Exercise: Wherever the word "HleM" appears in the entries, copy the whole line.

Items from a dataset
=== Begin Enclosure ===

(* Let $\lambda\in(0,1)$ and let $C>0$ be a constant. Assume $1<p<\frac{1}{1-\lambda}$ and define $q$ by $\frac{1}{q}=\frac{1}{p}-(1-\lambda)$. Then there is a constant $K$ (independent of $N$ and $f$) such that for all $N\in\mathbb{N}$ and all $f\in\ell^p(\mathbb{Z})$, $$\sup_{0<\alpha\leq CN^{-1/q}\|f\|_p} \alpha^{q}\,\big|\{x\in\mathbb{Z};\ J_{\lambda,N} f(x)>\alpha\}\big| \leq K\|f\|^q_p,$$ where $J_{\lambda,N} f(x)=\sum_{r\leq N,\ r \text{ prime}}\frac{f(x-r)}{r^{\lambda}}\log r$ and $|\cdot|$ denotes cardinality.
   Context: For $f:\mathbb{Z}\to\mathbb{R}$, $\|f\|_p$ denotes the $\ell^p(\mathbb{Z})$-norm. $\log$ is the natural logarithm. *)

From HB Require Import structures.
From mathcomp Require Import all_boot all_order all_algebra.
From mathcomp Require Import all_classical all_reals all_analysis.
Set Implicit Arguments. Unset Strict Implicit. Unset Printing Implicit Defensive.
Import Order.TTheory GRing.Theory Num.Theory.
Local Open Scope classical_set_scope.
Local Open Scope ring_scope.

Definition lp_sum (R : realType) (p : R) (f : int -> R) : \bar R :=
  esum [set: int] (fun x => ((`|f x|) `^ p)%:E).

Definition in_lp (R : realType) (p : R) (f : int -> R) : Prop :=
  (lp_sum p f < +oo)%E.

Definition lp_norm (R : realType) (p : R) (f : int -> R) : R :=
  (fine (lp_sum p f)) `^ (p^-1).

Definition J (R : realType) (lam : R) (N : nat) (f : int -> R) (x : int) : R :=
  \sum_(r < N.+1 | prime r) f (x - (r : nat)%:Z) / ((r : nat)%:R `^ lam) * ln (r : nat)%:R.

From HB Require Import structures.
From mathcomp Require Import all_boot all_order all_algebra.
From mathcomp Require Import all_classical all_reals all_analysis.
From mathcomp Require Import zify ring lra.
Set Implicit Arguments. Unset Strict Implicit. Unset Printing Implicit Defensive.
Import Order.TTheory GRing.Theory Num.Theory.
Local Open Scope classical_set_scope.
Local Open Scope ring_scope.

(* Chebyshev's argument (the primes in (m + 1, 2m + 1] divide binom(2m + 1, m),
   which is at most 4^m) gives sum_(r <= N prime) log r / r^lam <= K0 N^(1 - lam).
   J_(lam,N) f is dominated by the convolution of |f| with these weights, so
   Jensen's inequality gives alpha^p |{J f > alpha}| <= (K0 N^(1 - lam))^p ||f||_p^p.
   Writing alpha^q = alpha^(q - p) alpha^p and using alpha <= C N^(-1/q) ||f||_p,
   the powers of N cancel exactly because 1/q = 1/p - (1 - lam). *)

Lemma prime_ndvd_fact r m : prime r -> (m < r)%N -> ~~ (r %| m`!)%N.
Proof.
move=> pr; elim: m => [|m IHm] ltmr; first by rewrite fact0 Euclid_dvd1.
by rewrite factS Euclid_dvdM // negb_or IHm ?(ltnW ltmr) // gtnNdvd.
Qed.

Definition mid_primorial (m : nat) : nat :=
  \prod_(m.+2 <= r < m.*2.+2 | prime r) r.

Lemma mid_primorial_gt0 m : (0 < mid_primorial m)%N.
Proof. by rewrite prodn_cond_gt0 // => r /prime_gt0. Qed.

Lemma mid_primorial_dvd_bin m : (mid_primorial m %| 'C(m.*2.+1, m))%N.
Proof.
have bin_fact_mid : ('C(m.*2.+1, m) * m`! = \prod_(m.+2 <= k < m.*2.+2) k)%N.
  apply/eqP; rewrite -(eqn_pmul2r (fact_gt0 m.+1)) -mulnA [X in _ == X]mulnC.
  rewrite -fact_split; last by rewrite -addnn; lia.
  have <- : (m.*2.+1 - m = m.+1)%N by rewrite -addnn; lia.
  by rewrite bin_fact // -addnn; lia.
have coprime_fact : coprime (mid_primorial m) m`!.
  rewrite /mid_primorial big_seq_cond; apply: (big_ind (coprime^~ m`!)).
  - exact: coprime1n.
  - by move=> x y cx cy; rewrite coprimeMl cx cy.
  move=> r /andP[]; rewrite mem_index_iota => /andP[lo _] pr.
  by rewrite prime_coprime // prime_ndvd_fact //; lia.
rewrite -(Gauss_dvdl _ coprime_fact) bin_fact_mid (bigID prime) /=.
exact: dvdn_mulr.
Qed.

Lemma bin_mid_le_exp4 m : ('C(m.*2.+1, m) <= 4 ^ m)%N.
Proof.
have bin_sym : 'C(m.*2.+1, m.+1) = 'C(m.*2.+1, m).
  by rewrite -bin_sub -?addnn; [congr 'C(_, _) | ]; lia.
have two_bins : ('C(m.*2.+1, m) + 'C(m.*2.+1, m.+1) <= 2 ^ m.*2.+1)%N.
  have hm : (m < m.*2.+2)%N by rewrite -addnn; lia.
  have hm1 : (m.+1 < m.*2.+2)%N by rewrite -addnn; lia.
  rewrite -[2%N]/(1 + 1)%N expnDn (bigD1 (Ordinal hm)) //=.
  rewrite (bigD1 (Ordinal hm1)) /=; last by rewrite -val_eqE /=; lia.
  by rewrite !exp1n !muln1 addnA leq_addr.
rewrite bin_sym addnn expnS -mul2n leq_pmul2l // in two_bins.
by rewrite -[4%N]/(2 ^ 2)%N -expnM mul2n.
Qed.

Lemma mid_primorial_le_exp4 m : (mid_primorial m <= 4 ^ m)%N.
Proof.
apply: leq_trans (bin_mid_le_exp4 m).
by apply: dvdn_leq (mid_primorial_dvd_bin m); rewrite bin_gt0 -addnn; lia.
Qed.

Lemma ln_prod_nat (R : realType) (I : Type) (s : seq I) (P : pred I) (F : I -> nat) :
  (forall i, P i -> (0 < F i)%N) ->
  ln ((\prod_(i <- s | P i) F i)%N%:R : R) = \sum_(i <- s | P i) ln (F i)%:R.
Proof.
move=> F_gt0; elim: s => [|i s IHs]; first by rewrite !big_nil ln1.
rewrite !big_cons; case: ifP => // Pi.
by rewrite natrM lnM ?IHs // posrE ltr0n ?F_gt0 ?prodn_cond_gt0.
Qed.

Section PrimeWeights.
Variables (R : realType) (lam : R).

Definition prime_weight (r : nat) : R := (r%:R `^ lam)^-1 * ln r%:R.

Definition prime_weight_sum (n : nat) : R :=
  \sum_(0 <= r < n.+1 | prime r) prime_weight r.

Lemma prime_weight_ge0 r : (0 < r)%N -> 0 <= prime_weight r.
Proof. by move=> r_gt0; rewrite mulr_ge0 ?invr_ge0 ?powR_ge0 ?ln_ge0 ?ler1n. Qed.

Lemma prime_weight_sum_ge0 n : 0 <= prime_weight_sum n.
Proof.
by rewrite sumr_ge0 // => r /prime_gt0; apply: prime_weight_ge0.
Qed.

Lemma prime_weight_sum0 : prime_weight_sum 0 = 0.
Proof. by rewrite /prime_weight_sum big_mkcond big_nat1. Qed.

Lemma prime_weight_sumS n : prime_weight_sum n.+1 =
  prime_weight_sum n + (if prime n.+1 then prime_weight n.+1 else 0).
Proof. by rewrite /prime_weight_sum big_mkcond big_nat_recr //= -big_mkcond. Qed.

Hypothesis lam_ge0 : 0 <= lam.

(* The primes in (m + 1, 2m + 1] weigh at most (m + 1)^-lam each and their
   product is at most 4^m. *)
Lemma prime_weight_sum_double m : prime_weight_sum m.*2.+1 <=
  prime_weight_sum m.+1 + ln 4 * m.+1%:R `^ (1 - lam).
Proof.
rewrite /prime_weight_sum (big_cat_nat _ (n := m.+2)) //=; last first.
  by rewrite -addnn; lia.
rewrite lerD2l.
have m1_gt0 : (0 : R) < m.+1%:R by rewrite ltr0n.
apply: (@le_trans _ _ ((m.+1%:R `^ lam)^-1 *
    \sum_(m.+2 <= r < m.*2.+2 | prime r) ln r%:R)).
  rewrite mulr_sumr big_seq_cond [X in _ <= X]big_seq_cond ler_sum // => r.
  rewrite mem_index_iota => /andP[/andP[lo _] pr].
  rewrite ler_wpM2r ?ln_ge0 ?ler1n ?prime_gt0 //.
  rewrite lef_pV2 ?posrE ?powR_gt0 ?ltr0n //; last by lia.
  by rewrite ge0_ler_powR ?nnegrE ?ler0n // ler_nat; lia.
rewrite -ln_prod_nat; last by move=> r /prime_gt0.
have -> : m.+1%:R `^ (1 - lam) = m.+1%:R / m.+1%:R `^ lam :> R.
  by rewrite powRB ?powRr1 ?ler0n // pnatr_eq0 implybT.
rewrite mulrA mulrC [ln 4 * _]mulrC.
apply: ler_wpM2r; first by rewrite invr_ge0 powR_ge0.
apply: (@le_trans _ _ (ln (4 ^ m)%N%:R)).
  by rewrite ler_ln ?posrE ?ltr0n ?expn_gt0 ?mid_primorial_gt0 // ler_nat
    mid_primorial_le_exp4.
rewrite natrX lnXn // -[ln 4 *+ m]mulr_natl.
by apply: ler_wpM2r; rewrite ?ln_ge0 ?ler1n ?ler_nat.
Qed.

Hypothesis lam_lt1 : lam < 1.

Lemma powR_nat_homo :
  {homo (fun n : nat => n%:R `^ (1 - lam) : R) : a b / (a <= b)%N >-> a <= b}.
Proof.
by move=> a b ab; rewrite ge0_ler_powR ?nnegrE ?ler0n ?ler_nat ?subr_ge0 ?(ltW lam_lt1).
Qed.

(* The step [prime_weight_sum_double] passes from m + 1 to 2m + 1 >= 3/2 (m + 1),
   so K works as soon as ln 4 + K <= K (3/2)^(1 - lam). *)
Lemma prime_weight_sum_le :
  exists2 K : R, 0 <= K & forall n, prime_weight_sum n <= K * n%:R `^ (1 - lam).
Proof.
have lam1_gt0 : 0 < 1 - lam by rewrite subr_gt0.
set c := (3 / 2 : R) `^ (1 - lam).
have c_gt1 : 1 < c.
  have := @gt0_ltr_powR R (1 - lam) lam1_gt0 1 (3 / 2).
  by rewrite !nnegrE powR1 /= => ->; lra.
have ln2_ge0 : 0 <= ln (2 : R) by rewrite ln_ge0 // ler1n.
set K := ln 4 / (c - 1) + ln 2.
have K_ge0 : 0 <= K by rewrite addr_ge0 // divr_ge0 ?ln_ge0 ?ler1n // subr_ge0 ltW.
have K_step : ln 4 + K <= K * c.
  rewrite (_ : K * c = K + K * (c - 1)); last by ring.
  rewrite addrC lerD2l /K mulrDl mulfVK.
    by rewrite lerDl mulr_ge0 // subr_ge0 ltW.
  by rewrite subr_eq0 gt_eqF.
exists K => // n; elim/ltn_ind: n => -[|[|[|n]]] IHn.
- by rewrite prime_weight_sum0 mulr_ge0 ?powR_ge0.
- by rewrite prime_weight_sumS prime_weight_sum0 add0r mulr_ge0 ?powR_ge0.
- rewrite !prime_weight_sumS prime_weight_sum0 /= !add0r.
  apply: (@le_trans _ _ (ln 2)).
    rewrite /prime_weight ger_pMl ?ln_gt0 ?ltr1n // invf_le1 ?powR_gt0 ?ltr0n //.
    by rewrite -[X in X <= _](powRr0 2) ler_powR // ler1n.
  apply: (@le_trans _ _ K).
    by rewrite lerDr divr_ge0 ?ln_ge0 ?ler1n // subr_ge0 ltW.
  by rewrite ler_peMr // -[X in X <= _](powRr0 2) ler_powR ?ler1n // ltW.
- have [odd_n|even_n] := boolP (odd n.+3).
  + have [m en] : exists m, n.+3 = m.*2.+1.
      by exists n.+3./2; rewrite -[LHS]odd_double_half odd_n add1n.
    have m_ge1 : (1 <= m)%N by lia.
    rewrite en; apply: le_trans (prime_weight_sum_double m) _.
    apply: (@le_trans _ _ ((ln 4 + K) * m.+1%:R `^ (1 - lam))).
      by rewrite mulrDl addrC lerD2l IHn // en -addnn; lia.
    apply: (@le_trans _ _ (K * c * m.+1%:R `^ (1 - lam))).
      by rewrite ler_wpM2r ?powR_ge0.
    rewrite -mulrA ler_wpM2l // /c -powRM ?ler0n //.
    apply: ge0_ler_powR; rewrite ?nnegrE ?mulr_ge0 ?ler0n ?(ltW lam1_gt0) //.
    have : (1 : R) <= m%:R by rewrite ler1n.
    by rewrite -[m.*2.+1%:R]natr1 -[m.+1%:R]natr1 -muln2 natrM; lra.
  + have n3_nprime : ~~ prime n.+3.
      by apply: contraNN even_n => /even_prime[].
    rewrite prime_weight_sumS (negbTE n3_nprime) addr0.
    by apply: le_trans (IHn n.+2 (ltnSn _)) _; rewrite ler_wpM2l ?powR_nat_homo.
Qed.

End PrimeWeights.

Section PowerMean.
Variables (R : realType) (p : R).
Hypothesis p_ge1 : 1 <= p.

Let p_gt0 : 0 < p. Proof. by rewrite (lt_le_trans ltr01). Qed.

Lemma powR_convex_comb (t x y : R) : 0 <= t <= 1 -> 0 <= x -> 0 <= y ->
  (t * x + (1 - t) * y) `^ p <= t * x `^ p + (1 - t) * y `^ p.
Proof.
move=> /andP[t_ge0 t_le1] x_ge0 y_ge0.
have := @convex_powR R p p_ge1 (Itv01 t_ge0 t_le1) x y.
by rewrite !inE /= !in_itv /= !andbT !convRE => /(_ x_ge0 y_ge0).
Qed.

=== End Enclosure ===
=== Begin Enclosure ===

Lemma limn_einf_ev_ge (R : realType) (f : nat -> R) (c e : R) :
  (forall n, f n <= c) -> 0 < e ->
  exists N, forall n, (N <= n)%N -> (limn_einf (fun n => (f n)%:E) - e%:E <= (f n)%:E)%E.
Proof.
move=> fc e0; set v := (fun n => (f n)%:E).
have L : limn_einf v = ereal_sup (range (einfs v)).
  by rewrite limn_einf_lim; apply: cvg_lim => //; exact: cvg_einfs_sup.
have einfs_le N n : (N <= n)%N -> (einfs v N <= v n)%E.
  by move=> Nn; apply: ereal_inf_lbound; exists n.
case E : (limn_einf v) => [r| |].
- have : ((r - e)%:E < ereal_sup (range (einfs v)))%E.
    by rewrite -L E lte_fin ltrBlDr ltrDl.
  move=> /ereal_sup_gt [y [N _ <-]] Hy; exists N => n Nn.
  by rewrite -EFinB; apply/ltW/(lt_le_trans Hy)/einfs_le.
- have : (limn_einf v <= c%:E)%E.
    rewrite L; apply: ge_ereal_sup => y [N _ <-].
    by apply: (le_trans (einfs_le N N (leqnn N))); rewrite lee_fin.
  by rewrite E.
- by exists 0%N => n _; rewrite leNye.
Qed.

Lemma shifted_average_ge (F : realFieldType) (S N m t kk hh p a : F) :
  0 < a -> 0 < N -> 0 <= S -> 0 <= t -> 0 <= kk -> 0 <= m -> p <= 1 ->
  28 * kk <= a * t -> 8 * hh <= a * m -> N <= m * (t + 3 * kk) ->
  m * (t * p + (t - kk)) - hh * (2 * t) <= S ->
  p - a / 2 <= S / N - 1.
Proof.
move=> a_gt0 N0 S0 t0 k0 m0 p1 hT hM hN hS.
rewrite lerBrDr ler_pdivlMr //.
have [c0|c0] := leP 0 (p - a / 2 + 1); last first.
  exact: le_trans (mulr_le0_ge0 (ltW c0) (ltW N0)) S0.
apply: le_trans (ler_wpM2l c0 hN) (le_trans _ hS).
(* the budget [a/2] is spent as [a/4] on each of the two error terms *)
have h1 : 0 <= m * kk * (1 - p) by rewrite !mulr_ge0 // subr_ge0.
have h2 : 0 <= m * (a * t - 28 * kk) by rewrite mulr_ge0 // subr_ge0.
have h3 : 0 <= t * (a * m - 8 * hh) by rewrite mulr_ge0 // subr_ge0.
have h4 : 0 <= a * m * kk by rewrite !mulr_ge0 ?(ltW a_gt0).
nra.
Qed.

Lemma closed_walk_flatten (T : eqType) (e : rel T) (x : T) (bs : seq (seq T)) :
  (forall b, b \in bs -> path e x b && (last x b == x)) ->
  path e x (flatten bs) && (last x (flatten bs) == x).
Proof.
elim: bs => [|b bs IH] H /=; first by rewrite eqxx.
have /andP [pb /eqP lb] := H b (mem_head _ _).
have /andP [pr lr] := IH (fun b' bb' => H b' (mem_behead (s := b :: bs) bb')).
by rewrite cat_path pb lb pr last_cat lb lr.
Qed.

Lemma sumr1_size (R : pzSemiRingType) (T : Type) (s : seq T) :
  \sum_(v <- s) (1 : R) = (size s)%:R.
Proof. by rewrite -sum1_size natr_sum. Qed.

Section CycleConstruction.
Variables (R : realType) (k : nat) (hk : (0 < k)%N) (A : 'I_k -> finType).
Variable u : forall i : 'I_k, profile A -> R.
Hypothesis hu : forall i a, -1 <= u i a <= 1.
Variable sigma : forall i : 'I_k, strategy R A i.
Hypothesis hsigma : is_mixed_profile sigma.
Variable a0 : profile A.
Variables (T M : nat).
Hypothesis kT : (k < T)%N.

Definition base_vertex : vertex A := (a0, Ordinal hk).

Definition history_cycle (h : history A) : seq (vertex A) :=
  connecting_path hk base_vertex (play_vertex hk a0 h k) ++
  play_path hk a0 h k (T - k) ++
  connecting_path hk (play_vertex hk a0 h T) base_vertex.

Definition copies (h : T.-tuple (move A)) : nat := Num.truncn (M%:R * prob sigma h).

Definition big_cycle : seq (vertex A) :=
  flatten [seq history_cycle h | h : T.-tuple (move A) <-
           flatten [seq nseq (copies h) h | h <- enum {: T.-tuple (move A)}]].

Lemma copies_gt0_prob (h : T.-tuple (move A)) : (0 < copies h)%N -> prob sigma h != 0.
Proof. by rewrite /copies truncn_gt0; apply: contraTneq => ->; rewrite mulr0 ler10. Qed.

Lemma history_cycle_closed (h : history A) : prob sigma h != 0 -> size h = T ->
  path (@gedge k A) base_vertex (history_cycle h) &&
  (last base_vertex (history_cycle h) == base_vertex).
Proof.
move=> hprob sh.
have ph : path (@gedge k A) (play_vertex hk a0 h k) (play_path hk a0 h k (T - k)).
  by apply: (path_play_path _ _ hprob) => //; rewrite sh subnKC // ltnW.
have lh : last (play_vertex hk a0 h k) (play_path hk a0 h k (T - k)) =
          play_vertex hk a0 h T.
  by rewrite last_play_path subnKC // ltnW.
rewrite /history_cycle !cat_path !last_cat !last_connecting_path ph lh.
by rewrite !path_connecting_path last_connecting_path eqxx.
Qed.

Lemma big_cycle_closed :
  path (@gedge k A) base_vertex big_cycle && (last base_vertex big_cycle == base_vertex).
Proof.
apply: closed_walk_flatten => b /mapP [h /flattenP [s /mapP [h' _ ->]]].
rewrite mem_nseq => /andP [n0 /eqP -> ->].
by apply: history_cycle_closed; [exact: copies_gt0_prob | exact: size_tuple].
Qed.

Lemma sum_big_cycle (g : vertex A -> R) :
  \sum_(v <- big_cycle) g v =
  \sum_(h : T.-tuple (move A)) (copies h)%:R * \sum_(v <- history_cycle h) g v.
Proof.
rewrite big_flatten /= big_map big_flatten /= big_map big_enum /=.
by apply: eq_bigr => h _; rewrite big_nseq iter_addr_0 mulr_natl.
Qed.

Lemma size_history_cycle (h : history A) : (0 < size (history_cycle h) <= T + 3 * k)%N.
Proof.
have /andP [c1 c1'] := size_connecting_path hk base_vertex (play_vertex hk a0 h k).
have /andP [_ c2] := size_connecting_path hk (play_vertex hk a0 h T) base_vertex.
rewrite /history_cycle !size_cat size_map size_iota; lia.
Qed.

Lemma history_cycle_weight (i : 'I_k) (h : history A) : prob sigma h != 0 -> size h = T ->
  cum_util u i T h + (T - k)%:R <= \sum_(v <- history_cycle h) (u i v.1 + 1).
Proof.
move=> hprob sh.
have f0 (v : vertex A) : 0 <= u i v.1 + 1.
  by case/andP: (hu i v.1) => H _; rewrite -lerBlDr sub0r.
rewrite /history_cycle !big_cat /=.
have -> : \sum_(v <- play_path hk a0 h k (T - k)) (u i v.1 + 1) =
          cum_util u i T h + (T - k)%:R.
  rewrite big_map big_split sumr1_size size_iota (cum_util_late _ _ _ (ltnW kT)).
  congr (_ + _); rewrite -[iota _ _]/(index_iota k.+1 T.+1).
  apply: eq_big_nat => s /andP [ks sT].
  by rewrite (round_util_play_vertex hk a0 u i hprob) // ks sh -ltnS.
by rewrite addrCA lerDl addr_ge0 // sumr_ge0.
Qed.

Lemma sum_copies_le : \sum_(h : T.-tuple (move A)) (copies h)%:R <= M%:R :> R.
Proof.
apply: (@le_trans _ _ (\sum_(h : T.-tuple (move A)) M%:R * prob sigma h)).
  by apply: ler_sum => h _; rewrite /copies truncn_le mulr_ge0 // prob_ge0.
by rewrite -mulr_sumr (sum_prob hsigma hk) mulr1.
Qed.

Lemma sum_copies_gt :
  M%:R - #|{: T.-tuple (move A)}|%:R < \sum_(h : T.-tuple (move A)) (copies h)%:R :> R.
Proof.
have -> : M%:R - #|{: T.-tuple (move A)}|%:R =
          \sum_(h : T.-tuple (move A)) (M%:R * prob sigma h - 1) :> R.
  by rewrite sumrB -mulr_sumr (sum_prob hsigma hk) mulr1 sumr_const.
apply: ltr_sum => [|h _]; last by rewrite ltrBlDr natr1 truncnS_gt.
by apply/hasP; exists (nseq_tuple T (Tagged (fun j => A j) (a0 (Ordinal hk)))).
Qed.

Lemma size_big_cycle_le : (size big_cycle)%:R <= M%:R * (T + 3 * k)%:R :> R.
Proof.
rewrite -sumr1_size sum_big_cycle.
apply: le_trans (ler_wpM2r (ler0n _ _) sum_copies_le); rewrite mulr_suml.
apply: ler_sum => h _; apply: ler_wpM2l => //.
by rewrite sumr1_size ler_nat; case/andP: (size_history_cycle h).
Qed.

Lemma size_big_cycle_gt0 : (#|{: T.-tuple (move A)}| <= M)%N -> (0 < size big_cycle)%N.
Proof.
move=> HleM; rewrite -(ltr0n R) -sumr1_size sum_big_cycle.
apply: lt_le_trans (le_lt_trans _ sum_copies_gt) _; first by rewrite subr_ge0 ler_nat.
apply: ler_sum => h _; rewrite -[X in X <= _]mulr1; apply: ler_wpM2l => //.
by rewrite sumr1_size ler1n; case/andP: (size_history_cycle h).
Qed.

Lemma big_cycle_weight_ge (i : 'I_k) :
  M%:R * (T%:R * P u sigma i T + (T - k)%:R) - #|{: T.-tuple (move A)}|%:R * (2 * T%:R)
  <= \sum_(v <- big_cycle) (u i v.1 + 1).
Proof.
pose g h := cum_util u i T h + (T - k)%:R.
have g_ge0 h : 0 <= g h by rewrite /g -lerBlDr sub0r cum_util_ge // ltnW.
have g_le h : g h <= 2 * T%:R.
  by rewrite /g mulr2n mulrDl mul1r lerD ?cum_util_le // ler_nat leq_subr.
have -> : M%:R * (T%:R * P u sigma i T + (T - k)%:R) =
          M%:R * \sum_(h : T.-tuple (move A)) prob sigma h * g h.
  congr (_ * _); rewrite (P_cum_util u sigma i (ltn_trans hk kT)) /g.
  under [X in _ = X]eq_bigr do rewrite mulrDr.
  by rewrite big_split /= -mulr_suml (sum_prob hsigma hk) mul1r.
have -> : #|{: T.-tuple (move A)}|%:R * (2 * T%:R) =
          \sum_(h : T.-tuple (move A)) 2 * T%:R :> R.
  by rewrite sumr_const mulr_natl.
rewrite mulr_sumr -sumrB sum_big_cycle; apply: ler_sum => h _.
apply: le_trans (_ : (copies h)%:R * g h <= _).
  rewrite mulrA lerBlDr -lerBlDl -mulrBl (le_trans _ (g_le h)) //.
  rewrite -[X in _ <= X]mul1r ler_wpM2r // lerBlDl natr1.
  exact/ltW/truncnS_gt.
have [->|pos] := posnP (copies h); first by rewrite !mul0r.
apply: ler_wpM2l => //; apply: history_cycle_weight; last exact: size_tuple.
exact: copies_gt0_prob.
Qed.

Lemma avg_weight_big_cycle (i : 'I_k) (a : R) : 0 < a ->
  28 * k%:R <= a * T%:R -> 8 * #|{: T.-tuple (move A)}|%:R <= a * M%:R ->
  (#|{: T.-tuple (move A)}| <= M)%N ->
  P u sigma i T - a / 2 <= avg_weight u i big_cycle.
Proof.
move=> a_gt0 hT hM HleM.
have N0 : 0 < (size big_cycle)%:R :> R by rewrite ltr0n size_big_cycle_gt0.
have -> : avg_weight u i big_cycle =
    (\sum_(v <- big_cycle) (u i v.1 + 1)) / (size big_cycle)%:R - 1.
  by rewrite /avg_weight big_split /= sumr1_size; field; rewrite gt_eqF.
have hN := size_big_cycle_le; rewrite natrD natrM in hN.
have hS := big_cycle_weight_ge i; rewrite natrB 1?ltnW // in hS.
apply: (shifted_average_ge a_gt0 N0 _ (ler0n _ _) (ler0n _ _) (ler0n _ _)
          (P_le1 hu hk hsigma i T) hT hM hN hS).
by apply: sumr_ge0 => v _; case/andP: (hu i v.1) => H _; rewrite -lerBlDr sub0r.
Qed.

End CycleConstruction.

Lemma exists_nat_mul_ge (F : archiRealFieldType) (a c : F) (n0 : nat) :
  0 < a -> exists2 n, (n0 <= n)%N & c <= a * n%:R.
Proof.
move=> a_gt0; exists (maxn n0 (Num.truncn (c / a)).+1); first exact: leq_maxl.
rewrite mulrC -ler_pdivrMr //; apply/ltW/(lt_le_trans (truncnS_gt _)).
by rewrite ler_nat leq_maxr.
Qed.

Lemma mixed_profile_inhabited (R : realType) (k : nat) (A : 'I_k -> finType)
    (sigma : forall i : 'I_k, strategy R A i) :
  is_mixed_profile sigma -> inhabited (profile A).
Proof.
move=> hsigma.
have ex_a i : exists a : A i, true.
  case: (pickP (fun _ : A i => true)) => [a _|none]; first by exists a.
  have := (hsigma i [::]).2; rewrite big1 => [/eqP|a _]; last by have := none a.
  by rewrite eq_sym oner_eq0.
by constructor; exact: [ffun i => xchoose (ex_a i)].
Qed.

=== End Enclosure ===

Written solution:
move=> HleM; rewrite -(ltr0n R) -sumr1_size sum_big_cycle.
move=> a_gt0 hT hM HleM.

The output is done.